((

(* Let $S(t,z)=\sum_\pi t^{|\pi|}z^{\mathrm{rmax}(\pi)}$ over all separable permutations, which equals (with $r=\sqrt{t^2-6t+1}$) $$S(t,z)=\frac{4\sqrt{\left(-\frac{1}{4}r-tz+\frac{t}{4}+\frac{5}{4}\right)^2+r-t-1}-r+4tz+t-3}{2(r-t-1)}.$$ Define $$E(t,z_1,z_2,z_3)=z_1z_2z_3t+\frac{(S(t,z_1)+1)(S(t,z_2)+1)(S(t,z_3)+1)\,t^2z_1^2z_2z_3}{(1-S(t,z_1)S(t,z_3))(1-S(t,z_1)S(t,z_2))},$$ $$A(z_2,z_3)=S(t,z_2)\left(z_3t+\frac{S(t,z_3)^2}{S(t,z_3)+1}\right),\qquad D=1-A(z_2,z_3)-tz_2z_3,$$ and $E=E(t,z_1,z_2,z_3)$. For an ordered triple $T=(\mathrm{stat}_1,\mathrm{stat}_2,\mathrm{stat}_3)$ write $G_T=\sum_\pi t^{|\pi|}z_1^{\mathrm{stat}_1(\pi)}z_2^{\mathrm{stat}_2(\pi)}z_3^{\mathrm{stat}_3(\pi)}$. Then: (i) for every $T\in\{(\mathrm{lmax},\mathrm{rmax},\mathrm{lmin}),(\mathrm{lmin},\mathrm{rmin},\mathrm{lmax}),(\mathrm{rmin},\mathrm{rmax},\mathrm{lmin}),(\mathrm{rmax},\mathrm{rmin},\mathrm{lmax})\}$, $G_T$ over all separable permutations equals $E/D$; (ii) for $T\in\{(\mathrm{lmax},\mathrm{rmax},\mathrm{lmin}),(\mathrm{rmin},\mathrm{rmax},\mathrm{lmin})\}$, $G_T$ over reducible separable permutations equals $E-z_1z_2z_3t$, and over irreducible separable permutations equals $$\frac{1}{D}\Bigl(z_1z_2z_3t+\bigl(A(z_2,z_3)+tz_2z_3\bigr)\bigl(E-z_1z_2z_3t\bigr)\Bigr);$$ (iii) for $T\in\{(\mathrm{lmin},\mathrm{rmin},\mathrm{lmax}),(\mathrm{rmax},\mathrm{rmin},\mathrm{lmax})\}$, $G_T$ over irreducible separable permutations equals $E$, and over reducible separable permutations equals $$-z_1z_2z_3t+\frac{1}{D}\Bigl(z_1z_2z_3t+\bigl(A(z_2,z_3)+tz_2z_3\bigr)\bigl(E-z_1z_2z_3t\bigr)\Bigr).$$
   Context: A permutation of length $n$ is a word $\pi=\pi_1\cdots\pi_n$ containing each element of $[n]$ exactly once; $|\pi|=n$. For $\pi$ of length $m$, $\sigma$ of length $n$: $\pi\oplus\sigma=\pi_1\cdots\pi_m(\sigma_1+m)\cdots(\sigma_n+m)$, $\pi\ominus\sigma=(\pi_1+n)\cdots(\pi_m+n)\sigma_1\cdots\sigma_n$. Separable permutations are those of length $\ge1$ obtained from $1$ by repeatedly applying $\oplus,\ominus$ (equivalently, avoiding $2413$ and $3142$). The permutation $1$ is irreducible; a permutation of length $n\ge2$ is irreducible if there is no $i$, $2\le i\le n$, such that every element of $\pi_1\cdots\pi_{i-1}$ is less than every element of $\pi_i\cdots\pi_n$; reducible means not irreducible (length $\ge2$). $\pi_i$ is a left-to-right maximum (minimum) if $\pi_i>\pi_j$ ($\pi_i<\pi_j$) for all $j<i$, a right-to-left maximum (minimum) if $\pi_i>\pi_j$ ($\pi_i<\pi_j$) for all $j>i$; $\mathrm{lmax},\mathrm{lmin},\mathrm{rmax},\mathrm{rmin}$ count these. Square roots are the branches giving formal power series in $t$. *)

From HB Require Import structures.
From mathcomp Require Import all_boot all_order all_algebra all_fingroup.
From mathcomp Require Import mpoly.
From Stdlib Require Import ClassicalEpsilon.

Set Implicit Arguments.
Unset Strict Implicit.
Unset Printing Implicit Defensive.

Import Order.TTheory GRing.Theory Num.Theory.
Local Open Scope ring_scope.

Definition word (n : nat) (p : 'S_n) : seq nat := [seq (p i).+1 | i <- enum 'I_n].

Definition dsum (p s : seq nat) : seq nat := p ++ [seq (x + size p)%N | x <- s].
Definition dskew (p s : seq nat) : seq nat := [seq (x + size s)%N | x <- p] ++ s.

Inductive separable : seq nat -> Prop :=
| sep_one : separable [:: 1%N]
| sep_sum p s : separable p -> separable s -> separable (dsum p s)
| sep_skew p s : separable p -> separable s -> separable (dskew p s).

Definition decP (P : Prop) : bool :=
  if excluded_middle_informative P then true else false.

Definition separableb (w : seq nat) : bool := decP (separable w).

(* reducible: length >= 2 and some split position i (2 <= i <= n), i.e. a
   nonempty proper prefix of length k = i-1 (1 <= k <= n-1), with every entry
   of the prefix smaller than every entry of the suffix. *)
Definition reducible (w : seq nat) : bool :=
  (2 <= size w)%N &&
  has (fun k => all (fun a => all (fun b => (a < b)%N) (drop k w)) (take k w))
      (iota 1 (size w).-1).

(* irreducible: the permutation 1, or length >= 2 and not reducible
   (all separable permutations have length >= 1). *)
Definition irreducible (w : seq nat) : bool := (1 <= size w)%N && ~~ reducible w.

Definition lmax (w : seq nat) : nat :=
  count (fun i => all (fun j => (nth 0 w j < nth 0 w i)%N) (iota 0 i)) (iota 0 (size w)).
Definition lmin (w : seq nat) : nat :=
  count (fun i => all (fun j => (nth 0 w i < nth 0 w j)%N) (iota 0 i)) (iota 0 (size w)).
Definition rmax (w : seq nat) : nat :=
  count (fun i => all (fun j => (nth 0 w j < nth 0 w i)%N) (iota i.+1 (size w - i.+1)))
        (iota 0 (size w)).
Definition rmin (w : seq nat) : nat :=
  count (fun i => all (fun j => (nth 0 w i < nth 0 w j)%N) (iota i.+1 (size w - i.+1)))
        (iota 0 (size w)).

Definition fps (R : Type) := nat -> R.

Definition fadd (R : comRingType) (f g : fps R) : fps R := fun n => f n + g n.
Definition fopp (R : comRingType) (f : fps R) : fps R := fun n => - f n.
Definition fsub (R : comRingType) (f g : fps R) : fps R := fun n => f n - g n.
Definition fmul (R : comRingType) (f g : fps R) : fps R :=
  fun n => \sum_(i < n.+1) f i * g (n - i)%N.
Definition fmono (R : comRingType) (c : R) (k : nat) : fps R :=
  fun n => if n == k then c else 0.
Definition fone (R : comRingType) : fps R := fmono 1 0.

Fixpoint finv_seq (R : comUnitRingType) (f : fps R) (n : nat) : seq R :=
  match n with
  | 0 => [:: (f 0%N)^-1]
  | m.+1 => let s := finv_seq f m in
            rcons s (- (f 0%N)^-1 * \sum_(i < m.+1) f i.+1 * nth 0 s (m - i)%N)
  end.
Definition finv (R : comUnitRingType) (f : fps R) : fps R :=
  fun n => nth 0 (finv_seq f n) n.
Definition fdiv (R : comUnitRingType) (f g : fps R) : fps R := fmul f (finv g).

Definition Rz := {mpoly rat[3]}.
Definition z1 : Rz := 'X_(@Ordinal 3 0 isT).
Definition z2 : Rz := 'X_(@Ordinal 3 1 isT).
Definition z3 : Rz := 'X_(@Ordinal 3 2 isT).

Definition GF (st1 st2 st3 : seq nat -> nat) (P : seq nat -> bool) : fps Rz :=
  fun n => \sum_(p : 'S_n | P (word p))
             z1 ^+ st1 (word p) * z2 ^+ st2 (word p) * z3 ^+ st3 (word p).

Definition allsep (w : seq nat) : bool := separableb w.
Definition redsep (w : seq nat) : bool := separableb w && reducible w.
Definition irrsep (w : seq nat) : bool := separableb w && irreducible w.

Definition Sgf (z : Rz) : fps Rz :=
  fun n => \sum_(p : 'S_n | separableb (word p)) z ^+ rmax (word p).

Definition S1 := Sgf z1.
Definition S2 := Sgf z2.
Definition S3 := Sgf z3.

Definition Tz : fps Rz := fmono (z1 * z2 * z3) 1.

Definition Egf : fps Rz :=
  fadd Tz
    (fdiv (fmul (fmul (fmul (fadd S1 (fone _)) (fadd S2 (fone _))) (fadd S3 (fone _)))
                (fmono (z1 ^+ 2 * z2 * z3) 2))
          (fmul (fsub (fone _) (fmul S1 S3)) (fsub (fone _) (fmul S1 S2)))).

Definition Agf : fps Rz :=
  fmul S2 (fadd (fmono z3 1) (fdiv (fmul S3 S3) (fadd S3 (fone _)))).

Definition Tz23 : fps Rz := fmono (z2 * z3) 1.

Definition Dgf : fps Rz := fsub (fsub (fone _) Agf) Tz23.

Definition Fgf : fps Rz :=
  fdiv (fadd Tz (fmul (fadd Agf Tz23) (fsub Egf Tz))) Dgf.

(* A separable permutation of length at least 2 is a direct sum or a skew sum,
   never both.  Cutting a direct sum at its first cut writes it uniquely as
   [a (+) b] with [a] sum-irreducible and [b] separable; the complement
   [x |-> n + 1 - x] exchanges direct and skew sums, so skew sums decompose
   dually.  Each of lmax, lmin, rmax, rmin is additive over such a
   decomposition or is inherited from one factor, hence every generating
   function weighted by a monomial in these statistics is a product of two
   other such generating functions.  This gives a polynomial system in the ring
   of power series in [t] over [Q[z1,z2,z3]], whose solution is forced by
   uniqueness of the series [X] with [X = (a + v X) (1 + X)] when
   [a(0) = v(0) = 0].  Solving it gives the series for the triples
   (lmax, rmax, lmin) and (rmin, rmax, lmin); the complement maps the other two
   triples to these and reducible to skew-reducible permutations. *)

From Pilot Require Import Defs.
From HB Require Import structures.
From mathcomp Require Import all_boot all_order all_algebra all_fingroup.
From mathcomp Require Import mpoly.
From mathcomp Require Import boolp zify ring.
From Stdlib Require Import ClassicalEpsilon.

Set Implicit Arguments.
Unset Strict Implicit.
Unset Printing Implicit Defensive.
Import GRing.Theory.

(** * Permutation words and their sum decompositions *)

Definition pword n (w : seq nat) := perm_eq w (iota 1 n).
Definition pwords n := permutations (iota 1 n).

Definition sum_cut k (w : seq nat) :=
  all (fun a => all (fun b => a < b) (drop k w)) (take k w).
Definition skew_cut k (w : seq nat) :=
  all (fun a => all (fun b => b < a) (drop k w)) (take k w).
Definition skew_reducible (w : seq nat) : bool :=
  (2 <= size w) && has (skew_cut^~ w) (iota 1 (size w).-1).

Definition drop_down k (w : seq nat) := [seq x - k | x <- drop k w].
Definition compl (w : seq nat) := [seq (size w).+1 - x | x <- w].

Section PermutationWords.

Implicit Types (a b p s w : seq nat).

Lemma pwordP n w :
  pword n w = [&& uniq w, size w == n & all (fun x => 0 < x <= n) w].
Proof.
apply/idP/idP.
- move=> pw; rewrite (perm_uniq pw) iota_uniq (perm_size pw) size_iota eqxx /=.
  rewrite (perm_all _ pw); apply/allP => x; rewrite mem_iota; lia.
- case/and3P => u /eqP s /allP a.
  have sub : {subset w <= iota 1 n} by move=> x /a; rewrite mem_iota; lia.
  have sz : size (iota 1 n) <= size w by rewrite size_iota s.
  by apply: uniq_perm => //; [exact: iota_uniq | case: (uniq_min_size u sub sz)].
Qed.

Lemma pword_size n w : pword n w -> size w = n.
Proof. by rewrite pwordP => /and3P [_ /eqP]. Qed.

Lemma pword_uniq n w : pword n w -> uniq w.
Proof. by rewrite pwordP => /and3P []. Qed.

Lemma pword_mem n w x : pword n w -> x \in w -> 0 < x <= n.
Proof. by rewrite pwordP => /and3P [_ _ /allP]; apply. Qed.

Lemma mem_pwords n w : (w \in pwords n) = pword n w.
Proof. exact: mem_permutations. Qed.

Lemma pwords_uniq n : uniq (pwords n).
Proof. exact: permutations_uniq. Qed.

Lemma pword_dsum a b : pword (size a) a -> pword (size b) b ->
  pword (size a + size b) (dsum a b).
Proof.
move=> pa pb; rewrite pwordP /dsum size_cat size_map eqxx all_cat cat_uniq.
rewrite (pword_uniq pa) (map_inj_uniq (@addIn _)) (pword_uniq pb) /= ?andbT.
apply/and3P; split.
- apply/hasPn => y /mapP [x xb ->]; apply/negP => ya.
  by have := pword_mem pa ya; have := pword_mem pb xb; lia.
- by apply/allP => x xa; have := pword_mem pa xa; lia.
- by apply/allP => y /mapP [x xb ->]; have := pword_mem pb xb; lia.
Qed.

Lemma pword_dskew a b : pword (size a) a -> pword (size b) b ->
  pword (size a + size b) (dskew a b).
Proof.
move=> pa pb; rewrite pwordP /dskew size_cat size_map eqxx all_cat cat_uniq.
rewrite (pword_uniq pb) (map_inj_uniq (@addIn _)) (pword_uniq pa) /= ?andbT.
apply/and3P; split.
- apply/hasPn => y yb; apply/negP => /mapP [x xa ey].
  by have := pword_mem pa xa; have := pword_mem pb yb; lia.
- by apply/allP => y /mapP [x xa ->]; have := pword_mem pa xa; lia.
- by apply/allP => x xb; have := pword_mem pb xb; lia.
Qed.

Lemma separable_pword w : separable w -> pword (size w) w /\ 0 < size w.
Proof.
elim => [|p s _ [pp p0] _ [ps s0]|p s _ [pp p0] _ [ps s0]] //.
- by rewrite /dsum size_cat size_map; split; [exact: pword_dsum | lia].
- by rewrite /dskew size_cat size_map; split; [exact: pword_dskew | lia].
Qed.

Lemma separableP w : reflect (separable w) (separableb w).
Proof.
rewrite /separableb /Defs.decP.
by destruct (excluded_middle_informative (separable w)); constructor.
Qed.

Lemma separableb_nil : separableb [::] = false.
Proof. by apply/separableP => /separable_pword []. Qed.

Lemma dsum_lt a b x y : pword (size a) a -> pword (size b) b ->
  x \in a -> y \in [seq z + size a | z <- b] -> x < y.
Proof.
move=> pa pb xa /mapP [z zb ->].
by have := pword_mem pa xa; have := pword_mem pb zb; lia.
Qed.

Lemma dskew_gt a b x y : pword (size a) a -> pword (size b) b ->
  x \in [seq z + size b | z <- a] -> y \in b -> y < x.
Proof.
move=> pa pb /mapP [z za ->] yb.
by have := pword_mem pa za; have := pword_mem pb yb; lia.
Qed.

Lemma take_dsum a b : take (size a) (dsum a b) = a.
Proof. exact: take_size_cat. Qed.

Lemma drop_down_dsum a b : drop_down (size a) (dsum a b) = b.
Proof.
rewrite /drop_down /dsum drop_size_cat // -map_comp -[RHS]map_id.
by apply: eq_map => x /=; rewrite addnK.
Qed.

Lemma dsum_inj a b a' b' :
  size a = size a' -> dsum a b = dsum a' b' -> a = a' /\ b = b'.
Proof.
move=> eq_size eq_dsum.
have ea : a = a' by rewrite -(take_dsum a b) eq_dsum eq_size take_dsum.
by split => //; rewrite -(drop_down_dsum a b) eq_dsum ea drop_down_dsum.
Qed.

Lemma sum_cut_dsum a b : pword (size a) a -> pword (size b) b ->
  sum_cut (size a) (dsum a b).
Proof.
move=> pa pb; rewrite /sum_cut take_dsum /dsum drop_size_cat //.
by apply/allP => x xa; apply/allP => y; apply: dsum_lt.
Qed.

Lemma skew_cut_dskew a b : pword (size a) a -> pword (size b) b ->
  skew_cut (size a) (dskew a b).
Proof.
move=> pa pb; rewrite /skew_cut /dskew take_size_cat ?size_map //.
rewrite drop_size_cat ?size_map //.
by apply/allP => x xa; apply/allP => y yb; apply: dskew_gt pa pb xa yb.
Qed.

))

# INSTRUCTIONS FOR THE TASK:
Above are some records; copy exactly the lines from the one with "Definition decP (P" through the one with "Definition rmin (w", both included, and no others.

# RESULT OF THIS EXERCISE:
Definition decP (P : Prop) : bool :=
  if excluded_middle_informative P then true else false.

Definition separableb (w : seq nat) : bool := decP (separable w).

(* reducible: length >= 2 and some split position i (2 <= i <= n), i.e. a
   nonempty proper prefix of length k = i-1 (1 <= k <= n-1), with every entry
   of the prefix smaller than every entry of the suffix. *)
Definition reducible (w : seq nat) : bool :=
  (2 <= size w)%N &&
  has (fun k => all (fun a => all (fun b => (a < b)%N) (drop k w)) (take k w))
      (iota 1 (size w).-1).

(* irreducible: the permutation 1, or length >= 2 and not reducible
   (all separable permutations have length >= 1). *)
Definition irreducible (w : seq nat) : bool := (1 <= size w)%N && ~~ reducible w.

Definition lmax (w : seq nat) : nat :=
  count (fun i => all (fun j => (nth 0 w j < nth 0 w i)%N) (iota 0 i)) (iota 0 (size w)).
Definition lmin (w : seq nat) : nat :=
  count (fun i => all (fun j => (nth 0 w i < nth 0 w j)%N) (iota 0 i)) (iota 0 (size w)).
Definition rmax (w : seq nat) : nat :=
  count (fun i => all (fun j => (nth 0 w j < nth 0 w i)%N) (iota i.+1 (size w - i.+1)))
        (iota 0 (size w)).
Definition rmin (w : seq nat) : nat :=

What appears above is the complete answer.